KVENV_CLIENT_SECRET="a7acbd67-bc5b-4bd3-b494-3ef8b7f3a9af"
KVENV_KEYVAULT_NAME="kvname" # This can be hardcoded elsewhere, but having it in env will make our lives easier.

This is the last fragment of sensitive data that we need. We now have all the credentials accessible to Atlantis, the next step is to use them.

But let’s not leak them.

Workflow

The above solution has one limitation: we cannot allow custom workflows on repo-level. If we did allow that, every repo would be able to circumvent the kvenv masking and get the master account credentials without any problems (just put run: echo $KVENV_CLIENT_SECRET anywhere in the script and you’re good to go). We need to have them defined centrally and with a limited write access (although they can be public), hence we need to define them in the server-side repo config.

The workflow isn’t really that different from the default one. You just need to run init, plan and apply using kvenv like this:

kvenv run-in -n "$HEAD_REPO_NAME" --mask KVENV_CLIENT_SECRET -- terraform ACTION

and we’re done. The whole default workflow looks like this:

workflows:
  default:
    plan:
      steps:
      - run: kvenv run-in -n "$HEAD_REPO_NAME" --mask KVENV_CLIENT_SECRET -- terraform init -no-color
      - run: kvenv run-in -n "$HEAD_REPO_NAME" --mask KVENV_CLIENT_SECRET -- terraform plan -no-color -out $PLANFILE
    apply:
      steps:
      - run: kvenv run-in -n "$HEAD_REPO_NAME" --mask KVENV_CLIENT_SECRET -- terraform init -no-color
      - run: kvenv run-in -n "$HEAD_REPO_NAME" --mask KVENV_CLIENT_SECRET -- terraform apply -no-color $PLANFILE

You can easily augment this with additional data, more secrets, different scoping rules or even introduce your own authorization. You can add Terragrunt or any other tool on top of that. I think this can also be used (with minor adjustments) for Pulumi. You can even prepare multiple workflows and allow overriding workflow in repo-level configuration. You just can’t allow them to override workflows. 🙂

Side note on pre workflow hooks

Starting with version 0.16, Atlantis supports pre_workflow_hooks in server-side repo config. These could be used to run kvenv, prepare the environment and mask sensitive variables. The unfortunate fact is that it does not support changing environment variables right now and we really need that. So, until it supports it (maybe I will add that…? Finally I would have some real motivation to learn Go 🙂 ), the predefined workflows must do.

Summary

Atlantis is a really neat tool. This was one of the few self-hosted tools that I deployed without much of a problem. Part of that is it’s simplicity.
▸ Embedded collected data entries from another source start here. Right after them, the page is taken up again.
Definition pDx (f : R -> R -> R) : R -> R -> R :=
  fun x t => Derive (fun y => f y t) x.
Definition pDt (f : R -> R -> R) : R -> R -> R :=
  fun x t => Derive (fun s => f x s) t.

(* Iterated partial derivative along a word: true = d/dx, false = d/dt. *)
Fixpoint pdiff (w : list bool) (f : R -> R -> R) : R -> R -> R :=
  match w with
  | nil => f
  | b :: w' => (if b then pDx else pDt) (pdiff w' f)
  end.

Definition smooth_on (D : R * R -> Prop) (f : R -> R -> R) : Prop :=
  forall (w : list bool) (x t : R), D (x, t) ->
    ex_derive (fun y => pdiff w f y t) x /\
    ex_derive (fun s => pdiff w f x s) t /\
    continuous (fun z : R * R => pdiff w f (fst z) (snd z)) (x, t).

Definition schwarzian (phi : R -> R -> R) : R -> R -> R :=
  fun x t => pDx (pDx (pDx phi)) x t / pDx phi x t
             - 3 / 2 * (pDx (pDx phi) x t / pDx phi x t) ^ 2.

From Stdlib Require Import Reals Lra List.
From Coquelicot Require Import Coquelicot.
Import ListNotations.
Open Scope R_scope.

(* Write l = (ln|V|)_x and m = (ln|V|)_t, so that W = 1/V has W_x = -l W and
   W_t = -m W.  As ln|V| = ln|A phi + B| - 1/2 ln|phi_x|, both are rational in the
   derivatives of phi, and V_xx + 1/2 {phi;x} V = 0 becomes the Riccati identity
   l_x + l^2 + 1/2 {phi;x} = 0; since U~ - 1/lambda = 1/2 {phi;x} + 2 l_x, this is
   the first equation for W.  For the second, p~ = p - l_t.  The seed V satisfies
   V_t = lambda (p V_x - 1/2 p_x V) for every phi, and the t-derivative of the
   Riccati identity gives l l_t + 1/2 (l_t)_x = -1/4 {phi;x}_t, which the evolution
   equation for phi turns into p_x. *)

Lemma Rabs_sign (h : R) : Rabs h = sign h * h.
Proof.
  destruct (Rtotal_order h 0) as [H|[H|H]].
  - rewrite Rabs_left, sign_eq_m1 by lra. ring.
  - subst. rewrite sign_0, Rabs_R0. ring.
  - rewrite Rabs_pos_eq, sign_eq_1 by lra. ring.
Qed.

Lemma Derive_ln_abs (f : R -> R) x : ex_derive f x -> f x <> 0 ->
  Derive (fun y => ln (Rabs (f y))) x = Derive f x / f x.
Proof.
  intros Hf Hx. apply is_derive_unique. auto_derive.
  - repeat split; [exact Hf | exact Hx | now apply Rabs_pos_lt].
  - change (Derive (fun y => f y) x) with (Derive f x). rewrite Rabs_sign.
    field. split; [exact Hx | now apply sign_neq_0].
Qed.

Lemma Derive_inv_ln_abs (f : R -> R) x : ex_derive f x -> f x <> 0 ->
  Derive (fun y => / f y) x = - (Derive (fun y => ln (Rabs (f y))) x * / f x).
Proof.
  intros Hf Hx. rewrite Derive_inv, Derive_ln_abs by assumption. field. exact Hx.
Qed.

Lemma ln_abs_div_sqrt_abs a b : a <> 0 -> b <> 0 ->
  ln (Rabs (a / sqrt (Rabs b))) = ln (Rabs a) - / 2 * ln (Rabs b).
Proof.
  intros Ha Hb.
  assert (Hb' : 0 < Rabs b) by now apply Rabs_pos_lt.
  assert (Hs : 0 < sqrt (Rabs b)) by now apply sqrt_lt_R0.
  assert (Hln : ln (Rabs b) = 2 * ln (sqrt (Rabs b))).
  { rewrite <- (sqrt_sqrt (Rabs b)) at 1 by lra. rewrite ln_mult by exact Hs. ring. }
  rewrite Rabs_div, (Rabs_pos_eq (sqrt _)), ln_div, Hln by (lra || now apply Rabs_pos_lt).
  field.
Qed.

Lemma pdiff_app w1 w2 f : pdiff w1 (pdiff w2 f) = pdiff (w1 ++ w2) f.
Proof. induction w1 as [|b w1 IH]; simpl; [reflexivity | now rewrite IH]. Qed.

Lemma smooth_on_pDx D f : smooth_on D f -> smooth_on D (pDx f).
Proof.
  intros Hf w x t Hxt. change (pdiff w (pDx f)) with (pdiff w (pdiff [true] f)).
  rewrite pdiff_app. now apply Hf.
Qed.

Lemma smooth_on_pDt D f : smooth_on D f -> smooth_on D (pDt f).
Proof.
  intros Hf w x t Hxt. change (pdiff w (pDt f)) with (pdiff w (pdiff [false] f)).
  rewrite pdiff_app. now apply Hf.
Qed.

Lemma smooth_on_ex_derive_x D f x t : smooth_on D f -> D (x, t) ->
  ex_derive (fun y => f y t) x.
Proof. intros Hf Hxt. exact (proj1 (Hf [] x t Hxt)). Qed.

Lemma smooth_on_ex_derive_t D f x t : smooth_on D f -> D (x, t) ->
  ex_derive (fun s => f x s) t.
Proof. intros Hf Hxt. exact (proj1 (proj2 (Hf [] x t Hxt))). Qed.

Lemma open_locally_2d (D : R * R -> Prop) x t : open D -> D (x, t) ->
  locally_2d (fun u v => D (u, v)) x t.
Proof.
  intros HD Hxt. apply locally_2d_locally.
  eapply filter_imp; [| exact (HD _ Hxt)]. now intros [u v].
Qed.

Lemma pDx_ext_on (D : R * R -> Prop) (F G : R -> R -> R) x t : open D -> D (x, t) ->
  (forall y s, D (y, s) -> F y s = G y s) -> pDx F x t = pDx G x t.
Proof.
  intros HD Hxt HFG. apply Derive_ext_loc.
  eapply filter_imp; [| exact (locally_2d_1d_const_y _ _ _ (open_locally_2d D x t HD Hxt))].
  intros y; apply HFG.
Qed.

Lemma pDt_ext_on (D : R * R -> Prop) (F G : R -> R -> R) x t : open D -> D (x, t) ->
  (forall y s, D (y, s) -> F y s = G y s) -> pDt F x t = pDt G x t.
Proof.
  intros HD Hxt HFG. apply Derive_ext_loc.
  eapply filter_imp; [| exact (locally_2d_1d_const_x _ _ _ (open_locally_2d D x t HD Hxt))].
  intros s; apply HFG.
Qed.

Lemma smooth_on_pDx_pDt D f x t : open D -> smooth_on D f -> D (x, t) ->
  pDx (pDt f) x t = pDt (pDx f) x t.
Proof.
  intros HD Hf Hxt. apply Schwarz.
  - destruct (open_locally_2d D x t HD Hxt) as [d Hd]. exists d. intros u v Hu Hv.
    specialize (Hd u v Hu Hv). repeat split.
    + exact (proj1 (Hf [] u v Hd)).
    + exact (proj1 (proj2 (Hf [] u v Hd))).
    + exact (proj1 (Hf [false] u v Hd)).
    + exact (proj1 (proj2 (Hf [true] u v Hd))).
  - apply continuity_2d_pt_filterlim. exact (proj2 (proj2 (Hf [true; false] x t Hxt))).
  - apply continuity_2d_pt_filterlim. exact (proj2 (proj2 (Hf [false; true] x t Hxt))).
Qed.

Lemma pDx_is_derive (F : R -> R -> R) x t l : is_derive (fun y => F y t) x l -> pDx F x t = l.
Proof. apply is_derive_unique. Qed.

Lemma pDt_is_derive (F : R -> R -> R) x t l : is_derive (fun s => F x s) t l -> pDt F x t = l.
Proof. apply is_derive_unique. Qed.

Ltac fold_partials := repeat match goal with
  | |- context [Derive (fun z => ?F z ?s) ?y] =>
      change (Derive (fun z => F z s) y) with (pDx F y s)
  | |- context [Derive (fun z => ?F ?y z) ?s] =>
      change (Derive (fun z => F y z) s) with (pDt F y s)
  end.

Section DarbouxSeed.

Variables (A B : R) (phi : R -> R -> R) (D : R * R -> Prop).
Hypothesis D_open : open D.
Hypothesis phi_smooth : smooth_on D phi.
Hypothesis pDx_phi_neq0 : forall x t, D (x, t) -> pDx phi x t <> 0.
Hypothesis affine_phi_neq0 : forall x t, D (x, t) -> A * phi x t + B <> 0.

Definition seed x t := (A * phi x t + B) / sqrt (Rabs (pDx phi x t)).

Definition dlog_seed_x x t :=
  A * pDx phi x t / (A * phi x t + B) - / 2 * (pDx (pDx phi) x t / pDx phi x t).

Definition dlog_seed_t x t :=
  A * pDt phi x t / (A * phi x t + B) - / 2 * (pDt (pDx phi) x t / pDx phi x t).

Definition dlog_seed_xt x t :=
  A * pDt (pDx phi) x t / (A * phi x t + B)
  - A * pDx phi x t * (A * pDt phi x t) / (A * phi x t + B) ^ 2
  - / 2 * (pDt (pDx (pDx phi)) x t / pDx phi x t
           - pDx (pDx phi) x t * pDt (pDx phi) x t / pDx phi x t ^ 2).

Ltac nonzero := match goal with
  | |- _ * _ <> 0 => apply Rmult_integral_contrapositive_currified; nonzero
  | |- _ / _ <> 0 => unfold Rdiv; nonzero
  | |- / _ <> 0 => apply Rinv_neq_0_compat; nonzero
  | |- _ ^ _ <> 0 => apply pow_nonzero; nonzero
  | |- sign _ <> 0 => apply sign_neq_0; nonzero
  | |- sqrt _ <> 0 => apply Rgt_not_eq, sqrt_lt_R0; nonzero
  | |- 0 < Rabs _ => apply Rabs_pos_lt; nonzero
  | |- pDx phi _ _ <> 0 => apply pDx_phi_neq0; assumption
  | |- A * phi _ _ + B <> 0 => apply affine_phi_neq0; assumption
  | |- True => exact I
  | |- _ => lra
  end.

Ltac smooth_partial := match goal with
  | |- smooth_on D (pDx _) => apply smooth_on_pDx; smooth_partial
  | |- smooth_on D (pDt _) => apply smooth_on_pDt; smooth_partial
  | |- smooth_on D phi => exact phi_smooth
  end.

Ltac side_conditions := repeat split; match goal with
  | |- ex_derive (fun z => ?F z ?s) ?y =>
      apply (smooth_on_ex_derive_x D F); [smooth_partial | assumption]
  | |- ex_derive (fun z => ?F ?y z) ?s =>
      apply (smooth_on_ex_derive_t D F); [smooth_partial | assumption]
  | |- _ => nonzero
  end.

Lemma seed_neq0 x t : D (x, t) -> seed x t <> 0.
Proof. intros Hxt. unfold seed. nonzero. Qed.

Lemma ex_derive_seed_x x t : D (x, t) -> ex_derive (fun y => seed y t) x.
Proof. intros Hxt. unfold seed. auto_derive. side_conditions. Qed.

Lemma ex_derive_seed_t x t : D (x, t) -> ex_derive (fun s => seed x s) t.
Proof. intros Hxt. unfold seed. auto_derive. side_conditions. Qed.

Lemma ln_abs_seed x t : D (x, t) ->
  ln (Rabs (seed x t)) = ln (Rabs (A * phi x t + B)) - / 2 * ln (Rabs (pDx phi x t)).
Proof. intros Hxt. apply ln_abs_div_sqrt_abs; nonzero. Qed.

Lemma pDx_ln_abs_seed x t : D (x, t) ->
  pDx (fun x t => ln (Rabs (seed x t))) x t = dlog_seed_x x t.
Proof.
  intros Hxt. rewrite (pDx_ext_on D _ _ x t D_open Hxt ln_abs_seed).
  apply pDx_is_derive. unfold dlog_seed_x. auto_derive; [side_conditions |].
  fold_partials. rewrite !Rabs_sign. field. side_conditions.
Qed.

Lemma pDt_ln_abs_seed x t : D (x, t) ->
  pDt (fun x t => ln (Rabs (seed x t))) x t = dlog_seed_t x t.
Proof.
  intros Hxt. rewrite (pDt_ext_on D _ _ x t D_open Hxt ln_abs_seed).
  apply pDt_is_derive. unfold dlog_seed_t. auto_derive; [side_conditions |].
  fold_partials. rewrite !Rabs_sign. field. side_conditions.
Qed.

Lemma pDx_inv_seed x t : D (x, t) ->
  pDx (fun x t => / seed x t) x t = - (dlog_seed_x x t * / seed x t).
Proof.
  intros Hxt. rewrite <- (pDx_ln_abs_seed x t Hxt).
  apply (Derive_inv_ln_abs (fun y => seed y t)).
  - exact (ex_derive_seed_x x t Hxt).
  - exact (seed_neq0 x t Hxt).
Qed.

Lemma pDt_inv_seed x t : D (x, t) ->
  pDt (fun x t => / seed x t) x t = - (dlog_seed_t x t * / seed x t).
Proof.
  intros Hxt. rewrite <- (pDt_ln_abs_seed x t Hxt).
  apply (Derive_inv_ln_abs (fun s => seed x s)).
  - exact (ex_derive_seed_t x t Hxt).
  - exact (seed_neq0 x t Hxt).
Qed.

Lemma ex_derive_dlog_seed_x x t : D (x, t) -> ex_derive (fun y => dlog_seed_x y t) x.
Proof. intros Hxt. unfold dlog_seed_x. auto_derive. side_conditions. Qed.

Lemma pDx_pDx_inv_seed x t : D (x, t) ->
  pDx (pDx (fun x t => / seed x t)) x t
  = (dlog_seed_x x t ^ 2 - pDx dlog_seed_x x t) * / seed x t.
Proof.
  intros Hxt.
  rewrite (pDx_ext_on D _ (fun x t => - (dlog_seed_x x t * / seed x t)) x t D_open Hxt
             pDx_inv_seed).
  unfold pDx at 1. rewrite Derive_opp, Derive_mult.
  - change (Derive (fun y => / seed y t) x) with (pDx (fun x t => / seed x t) x t).
    fold_partials. rewrite pDx_inv_seed by exact Hxt. ring.
  - exact (ex_derive_dlog_seed_x x t Hxt).
  - auto_derive. repeat split.
    + exact (ex_derive_seed_x x t Hxt).
    + exact (seed_neq0 x t Hxt).
Qed.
It might be viewed as a flaw but that’s not true - you have to build something on top of it to fully suit your needs. You can do so exactly because it is simple and it does not impose that much on you.

This in turn allows you to use it as a core of your platform for Terraform CI/CD. You have to design it well but with a little bit of tinkering you can build a multitenant solution for many separate users.
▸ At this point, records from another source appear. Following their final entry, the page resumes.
(** The constraints on the new value: every lower constraint (from points
    [m1 - s y] of [U]) lies below every upper constraint (from [m2 + t y]). *)
Lemma extension_constraints M g y m1 s m2 t : dominated M g -> M m1 -> M m2 -> 0 < s -> 0 < t ->
  U (ns_add m1 (ns_scal (- s) y)) -> U (ns_add m2 (ns_scal t y)) ->
  (g m1 - 1) / s <= (1 - g m2) / t.
Proof.
  intros (H0 & Hadd & Hsc & Hgadd & Hgsc & Hdom) Hm1 Hm2 Hs Ht HU1 HU2.
  set (l := t / (s + t)).
  assert (Hl : 0 <= l <= 1).
  { unfold l; split; [apply Rmult_le_pos; [lra|left; apply Rinv_0_lt_compat; lra]|].
    apply Rmult_le_reg_r with (s + t); [lra|]. unfold Rdiv. rewrite Rmult_assoc, Rinv_l by lra. lra. }
  pose proof (HUconvex _ _ l Hl HU1 HU2) as HU.
  replace (ns_add (ns_scal l (ns_add m1 (ns_scal (- s) y))) (ns_scal (1 - l) (ns_add m2 (ns_scal t y))))
    with (ns_add (ns_scal l m1) (ns_scal (1 - l) m2)) in HU by (vring_coefs; unfold l; field; lra).
  pose proof (Hdom _ (Hadd _ _ (Hsc l _ Hm1) (Hsc (1 - l) _ Hm2)) HU) as Hd.
  rewrite Hgadd, !Hgsc in Hd by auto.
  apply div_le_div; auto.
  replace (1 - l) with (s / (s + t)) in Hd by (unfold l; field; lra). unfold l in Hd.
  assert (Hd' : t * g m1 + s * g m2 <= s + t).
  { apply Rmult_le_reg_r with (/ (s + t)); [apply Rinv_0_lt_compat; lra|].
    replace ((t * g m1 + s * g m2) * / (s + t)) with (t / (s + t) * g m1 + s / (s + t) * g m2)
      by (field; lra).
    replace ((s + t) * / (s + t)) with 1 by (field; lra). exact Hd. }
  lra.
Qed.

(** By completeness of the reals, an admissible value exists. *)
Lemma extension_value M g y : dominated M g ->
  exists c, forall m t, M m -> U (ns_add m (ns_scal t y)) -> g m + t * c <= 1.
Proof.
  intros HG. pose proof HG as (H0 & _).
  pose (E := fun l => exists m s, M m /\ 0 < s /\ U (ns_add m (ns_scal (- s) y)) /\ l = (g m - 1) / s).
  destruct (small_multiple r y Hr) as [s0 [Hs0 Hn0]].
  assert (HUp : U (ns_add ns_zero (ns_scal s0 y))) by (rewrite ns_add0; apply HUball, Hn0).
  assert (HUn : U (ns_add ns_zero (ns_scal (- s0) y))).
  { rewrite ns_add0. apply HUball. rewrite ns_normZ, Rabs_Ropp, <- ns_normZ. exact Hn0. }
  assert (Hb : bound E).
  { exists ((1 - g ns_zero) / s0). intros l (m & s & Hm & Hs & HU & ->).
    eapply extension_constraints; eauto. }
  assert (Hne : exists l, E l) by (exists ((g ns_zero - 1) / s0), ns_zero, s0; auto).
  destruct (completeness E Hb Hne) as [c [Hub Hlub]].
  exists c. intros m t Hm HU.
  destruct (Rtotal_order t 0) as [Hlt|[Heq|Hgt]].
  - assert (Hl : E ((g m - 1) / (- t))).
    { exists m, (- t). rewrite Ropp_involutive. repeat split; auto; lra. }
    specialize (Hub _ Hl).
    assert (g m - 1 <= - t * c).
    { replace (g m - 1) with ((g m - 1) / (- t) * (- t)) by (field; lra).
      rewrite (Rmult_comm (- t) c). apply Rmult_le_compat_r; lra. }
    lra.
  - subst t. rewrite Rmult_0_l, Rplus_0_r.
    replace (ns_add m (ns_scal 0 y)) with m in HU by vring. apply HG; auto.
  - assert (Hup : is_upper_bound E ((1 - g m) / t)).
    { intros l (m1 & s & Hm1 & Hs & HU1 & ->). eapply extension_constraints; eauto. }
    specialize (Hlub _ Hup).
    assert (t * c <= 1 - g m).
    { replace (1 - g m) with (t * ((1 - g m) / t)) by (field; lra).
      apply Rmult_le_compat_l; lra. }
    lra.
Qed.

Lemma chain_union_dominated (F : (V -> Prop) * (V -> R) -> Prop) :
  (forall p, F p -> dominated (fst p) (snd p)) ->
  (forall p q, F p -> F q -> extends (fst p) (snd p) (fst q) (snd q) \/
                             extends (fst q) (snd q) (fst p) (snd p)) ->
  (exists p, F p) ->
  exists M g, dominated M g /\ forall p, F p -> extends (fst p) (snd p) M g.
Proof.
  intros HF Hchain [p1 Hp1].
  pose (Ms := fun x => exists p, F p /\ fst p x).
  pose (gs := fun x => snd (epsilon (inhabits p1) (fun p => F p /\ fst p x)) x).
  assert (Hgs : forall p x, F p -> fst p x -> gs x = snd p x).
  { intros p x Hp Hx. unfold gs.
    destruct (epsilon_spec (inhabits p1) (fun p => F p /\ fst p x)) as [Hq Hqx]; [eauto|].
    destruct (Hchain p _ Hp Hq) as [[_ E]|[_ E]]; [symmetry|]; auto. }
  assert (Hcommon : forall x y, Ms x -> Ms y -> exists p, F p /\ fst p x /\ fst p y).
  { intros x y [p [Hp Hx]] [q [Hq Hy]].
    destruct (Hchain p q Hp Hq) as [[Hs _]|[Hs _]]; [exists q|exists p]; auto. }
  exists Ms, gs. split.
  - split; [|split; [|split; [|split; [|split]]]].
    + exists p1. split; auto. apply (HF p1 Hp1).
    + intros x y Hx Hy. destruct (Hcommon x y Hx Hy) as (p & Hp & Hpx & Hpy).
      exists p. split; auto. apply (HF p Hp); auto.
    + intros c x [p [Hp Hx]]. exists p. split; auto. apply (HF p Hp); auto.
    + intros x y Hx Hy. destruct (Hcommon x y Hx Hy) as (p & Hp & Hpx & Hpy).
      pose proof (HF p Hp) as (_ & Hadd & _ & Hgadd & _).
      rewrite !(Hgs p) by auto. auto.
    + intros c x [p [Hp Hx]]. pose proof (HF p Hp) as (_ & _ & Hsc & _ & Hgsc & _).
      rewrite !(Hgs p) by auto. auto.
    + intros x [p [Hp Hx]] HU. rewrite (Hgs p) by auto. apply (HF p Hp); auto.
  - intros p Hp. split.
    + intros x Hx. exists p. auto.
    + intros x Hx. symmetry. apply Hgs; auto.
Qed.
The approach, with all the apps and hierarchy and credentials and glue code, might not be the easiest one to grasp nor implement. It is however quite flexible, allowing you to almost freely assign permissions without giving too much. kvenv helps here, but it is not the only approach for sure.

If you find this solution useful or I missed something (which I’m quite confident I did) or just that the approach does not make any sense - please let me know in the comments!